– Я через твою опочивальню пройду… – сказал сын. – Не хочется мне видеть этого живоглота…
– Иди…
Чрез несколько минут казачок впустил в комнату именитого гостя московского Василия Шорина, грузного человека с синечугунным лицом, заплывшими умными глазками и синей бородой. Он остановился у порога, усердно помолился на иконы и отвесил хозяину земной поклон.
– Здрав буди, боярин… Как тебя Господь милует?..
– Здравствуй, Василий Иваныч… Что это ты по какой жаpe разгуливаешься?.. И сидеть-то невмоготу… Садись-ка вот сюда в холодок…
– Да что, боярин, приказные замучили… – поклонившись и сев, сказал Шорин. – Как ты слышал, чай на низу на Волге воры мое судно с хлебом казенным пограбили, слуг всех перебили, а ярыжки с ими ушли – все, как полагается. И вот сколько разов ходил я в Казанский дворец [8] узнать, где ж судно-то мое теперь… Его ворам не нужно. И никто не ведает, куды оно делось. Может, можно что чрез твой Посольский Приказ узнать? Ты уж прости, боярин, что по пустым делам тревожу тебя, да что поделаешь? Дело торговое – своего добра жалко… А потом и вопче хотелось бы проврать, как там дела-то у нас идут, а то скоро время караван осенний наряжать, так надо знать, можно ли будет пустить его…
Василий Шорин ворочал в царстве московском огромными по тем временам делами. Со своими малограмотными приказчиками, сидельцами, захребетниками ярыжками и всяким другим наемным людом он вел бойкую торговлю мехами близ Холмогор, – причем немало спускали молодцы иностранцам и мехов поддельных, – и держал рыболовную компанию у Лапландского берега, и торговал с голландцами и англичанами лесом и поташом, и смолой, и дегтем, и мачтами, и льном, и отправлял хлеб на низ, и вез оттуда на своих судах рыбу и соль, а когда начались в Москве злоупотребления с медной монетой, которые потом вызвали страшный бунт народный, то в этом деле оказался замешанным и Василий Шорин, но так как замешаны были в нем и царский тесть Милославский, и дворянин Матюшкин, женатый на родной тетке царя, то все сошло Шорину благополучно. Вообще о ту пору торговля была полна всякого мошенничества. Когда один голландский купец крепко поднадул московских торговых людей, они очень потом упрашивали его вступить с ними в компанию: самый выгодный, самый надежный компаньон! Отчетности правильной не было совсем, и, чтобы обеспечить себя хоть отчасти от художеств со стороны своих служащих, торговцы требовали, чтобы они отчет по делам отдавали им перед образом Спаса Прямое Слово, что, впрочем, нисколько не мешало им нагревать хозяина. Этот своеобразный характер торговли не препятствовал, однако, нисколько заниматься ею не только боярам, но даже и самому царю. Большие торговые операции вели тогда и боярин Морозов, и князь Яков Черкасский, и престарелый князь Дмитрий Мих. Пожарский… Царь торговал даже в розницу, и часто на торгах можно было слышать выкрики торговок:
– А вот масло, вот яблочки спелые, вот холст хороший, вот орехи, вот масло, – царские товары… Жалуйте, милостивцы, на царские товары!.. Дешево продаем…

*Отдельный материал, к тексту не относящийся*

Lemma increment_le_integral (h h' g : R -> R) (K : R) :
  (forall t, is_derive h t (h' t)) -> (forall t, continuous g t) ->
  (forall t, 0 <= t <= 1 -> h' t <= K * g t) ->
  forall s, 0 <= s <= 1 -> h s - h 0 <= K * RInt g 0 s.
Proof.
  intros Hh Hg Hb s Hs.
  set (H := fun t => h t - K * RInt g 0 t).
  assert (HI : forall t, is_derive (fun t => RInt g 0 t) t (g t)).
  { intro t. apply (is_derive_RInt g (fun t => RInt g 0 t) 0 t); [|auto].
    apply filter_forall. intro b. apply (@RInt_correct R_CompleteNormedModule).
    apply (@ex_RInt_continuous R_CompleteNormedModule g 0 b). intros; auto. }
  assert (dH : forall t, is_derive H t (h' t - K * g t)).
  { intro t. apply (is_derive_minus h (fun t => K * RInt g 0 t)); auto.
    apply (is_derive_scal (fun t => RInt g 0 t)). auto. }
  destruct (MVT_gen H 0 s (fun t => h' t - K * g t)) as [c [Hc Hc2]].
  - intros x _. apply dH.
  - intros x _. apply continuity_pt_filterlim.
    apply (@ex_derive_continuous R_AbsRing R_NormedModule H). eexists; apply dH.
  - rewrite Rmin_left in Hc by lra. rewrite Rmax_right in Hc by lra.
    unfold H in Hc2. rewrite RInt_point in Hc2. change (zero : R) with 0 in Hc2.
    assert (h' c - K * g c <= 0) by (specialize (Hb c); lra).
    assert ((h' c - K * g c) * (s - 0) <= 0) by nra.
    lra.
Qed.

Lemma abs_increment_le_integral (h g : R -> R) K :
  (forall t, ex_derive h t) -> (forall t, continuous g t) ->
  (forall t, 0 <= t <= 1 -> Rabs (Derive h t) <= K * g t) ->
  forall s, 0 <= s <= 1 -> Rabs (h s - h 0) <= K * RInt g 0 s.
Proof.
  intros Hh Hg Hb s Hs. apply Rabs_le. split.
  - assert (- h s - - h 0 <= K * RInt g 0 s); [|lra].
    apply (increment_le_integral (fun t => - h t) (fun t => - Derive h t) g K); auto.
    + intro t. apply (is_derive_opp h). apply Derive_correct. auto.
    + intros t Ht. specialize (Hb t Ht). apply Rabs_le_between in Hb. lra.
  - apply (increment_le_integral h (Derive h) g K); auto.
    + intro t. apply Derive_correct. auto.
    + intros t Ht. specialize (Hb t Ht). apply Rabs_le_between in Hb. lra.
Qed.

Lemma RInt_nonneg_initial (g : R -> R) s :
  (forall t, continuous g t) -> (forall t, 0 <= g t) -> 0 <= s <= 1 ->
  0 <= RInt g 0 s /\ RInt g 0 s <= RInt g 0 1.
Proof.
  intros Hg Hp Hs.
  assert (Ex : forall a b, ex_RInt g a b).
  { intros a b. apply (@ex_RInt_continuous R_CompleteNormedModule). intros; auto. }
  assert (0 <= RInt g 0 s) by (apply RInt_ge_0; auto; lra).
  assert (0 <= RInt g s 1) by (apply RInt_ge_0; auto; lra).
  split; auto.
  rewrite <- (RInt_Chasles g 0 s 1) by auto.
  change (plus (RInt g 0 s) (RInt g s 1)) with (RInt g 0 s + RInt g s 1). lra.
Qed.
Lemma vertex_root_reach K (x : T -> R) : (forall u, (d u <= K)%N) -> vertex e x ->
  x r = 1/2 \/ (x r = 1 /\ grid 1 x) ->
  reach e x (fun _ => 0) (15 * K + 6) /\ reach e (fun _ => 0) x (15 * K + 6).
Proof.
move=> dK vx xr; have Px := vx.1; have gx := vertex_grid_half conn card2 vx.
have [lev|nolev] := boolP has_level_edge.
  have zero_half := reach_cat zero_reach_peak
    (integral_wave_reach_half_peak dK lev inP_zero (grid_zero 1)).
  have [xw_half half_xw] := wave_sweep dK (a := 1/2) ltac:(lra) ltac:(lra) (or_introl (lexx _)) Px gx.
  have half_zero := peak_reach_zero (a := 1/2) ltac:(lra) ltac:(lra).
  case: xr => [xr|[xr gx1]].
    have [x_xw xw_x] := half_root_reach2 Px gx xr.
    split; [apply: reach_le (reach_cat x_xw (reach_cat xw_half half_zero))
           |apply: reach_le (reach_cat zero_half (reach_cat half_xw xw_x))]; lia.
  have x_half := integral_wave_reach_half_peak dK lev Px gx1; rewrite wave_root_one // in x_half.
  have [w erw] := exists_neighbor conn r card2.
  have xw_x : reach e (wave (1/2) 2 false x) x 1.
    rewrite wave2_with_root => [|u]; last exact: root_one_layer1.
    apply/reach_step/(step_raise_root (w := w)) => //; first lra.
    by rewrite xr (root_one_layer1 Px xr (root_edge_layer1 erw)) addr0.
  split; [apply: reach_le (reach_cat x_half half_zero)
         |apply: reach_le (reach_cat zero_half (reach_cat half_xw xw_x))]; lia.
have gx1 := vertex_integral nolev vx.
case: xr => [xr|[xr _]]; first by case: (gx1 r); rewrite xr; lra.
have [x_peak peak_x] := wave_sweep dK (a := 1) ltr01 (lexx 1) (or_intror (no_level_edge _ nolev)) Px gx1.
rewrite wave_root_one // in x_peak peak_x.
split; [apply: reach_le (reach_cat x_peak (peak_reach_zero ltr01 (lexx 1)))
       |apply: reach_le (reach_cat zero_reach_peak peak_x)]; lia.
Qed.

End Rooted.

(* Root the BFS layers at a node where [x] is nonzero: a 1/2 if there is one,
   otherwise a 1. *)
Lemma vertex_reach_zero (R : realType) (T : finType) (e : rel T) v k (x : T -> R) :
  symmetric e -> irreflexive e -> (forall u w : T, connect e u w) -> (1 < #|T|)%N ->
  within e v k -> vertex e x ->
  reach e x (fun _ => 0) (30 * k + 6) /\ reach e (fun _ => 0) x (30 * k + 6).
Proof.
move=> e_sym e_irr conn card2 wk vx; have gx := vertex_grid_half conn card2 vx.
have reroot u : x u = 1/2 \/ (x u = 1 /\ grid 1 x) ->
    reach e x (fun _ => 0) (30 * k + 6) /\ reach e (fun _ => 0) x (30 * k + 6).
  move=> xu; rewrite -(_ : (15 * (k + k) + 6 = 30 * k + 6)%N); last lia.
  apply: (vertex_root_reach e_sym e_irr card2 (conn := conn) (r := u)) => // w.
  exact/dist_le_dist/(within_reroot e_sym u wk).
case: (pickP (fun u => x u == 1/2)) => [u /eqP xu|no_half]; first by apply: (reroot u); left.
have gx1 : grid 1 x.
  move=> u; case: (gx u) => xu; [exact: Or31|by move: (no_half u); rewrite xu eqxx|].
  by apply: Or32; lra.
case: (pickP (fun u => x u == 1)) => [u /eqP xu|no_one]; first by apply: (reroot u); right.
suff -> : x = (fun _ => 0) by split; apply: reach_refl.
apply: funext => u; case: (gx1 u) => // xu.
  by move: (no_one u); rewrite xu eqxx.
by have := inP_le1 conn card2 u vx.1; lra.
Qed.

Theorem lemma10 (R : realType) :
  exists C : R, forall (T : finType) (e : rel T),
    symmetric e -> irreflexive e ->
    (1 < #|T|)%N -> (forall u w : T, connect e u w) ->
    forall (v : T) (k : nat), is_eccentricity e v k ->
    forall x y : T -> R, vertex e x -> vertex e y ->
    exists l : nat, l%:R <= C * k%:R /\ circuit_walk e x y l.
Proof.
exists 72%:R => T e e_sym e_irr card2 conn v k [wk _] x y vx vy.
have k0 := within_gt0 card2 wk.
have [x_zero _] := vertex_reach_zero e_sym e_irr conn card2 wk vx.
have [_ zero_y] := vertex_reach_zero e_sym e_irr conn card2 wk vy.
have [l hl walk] := reach_cat x_zero zero_y.
by exists l; split => //; rewrite -natrM ler_nat; lia.
Qed.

Царское вмешательство в торговлю чрезвычайно тяготило торговый мир. Целый ряд товаров объявлялся царской монополией: шелк-сырец, мед, меха, ревень, отчасти соль и рыба, всегда икра, в неурожайные годы – хлеб. Меновой торг с инородцами красным товаром и бакалеей постепенно сосредоточился в руках царя. Их лучшие меха доставались только ему. И нарушение этого порядка вызывало великую опалу и даже "кажнение смертью". Если у царя набиралось слишком много мехов или портился большой запас икры, купцы были обязаны забирать все это по казенной оценке и ведать с этим, как они хотят.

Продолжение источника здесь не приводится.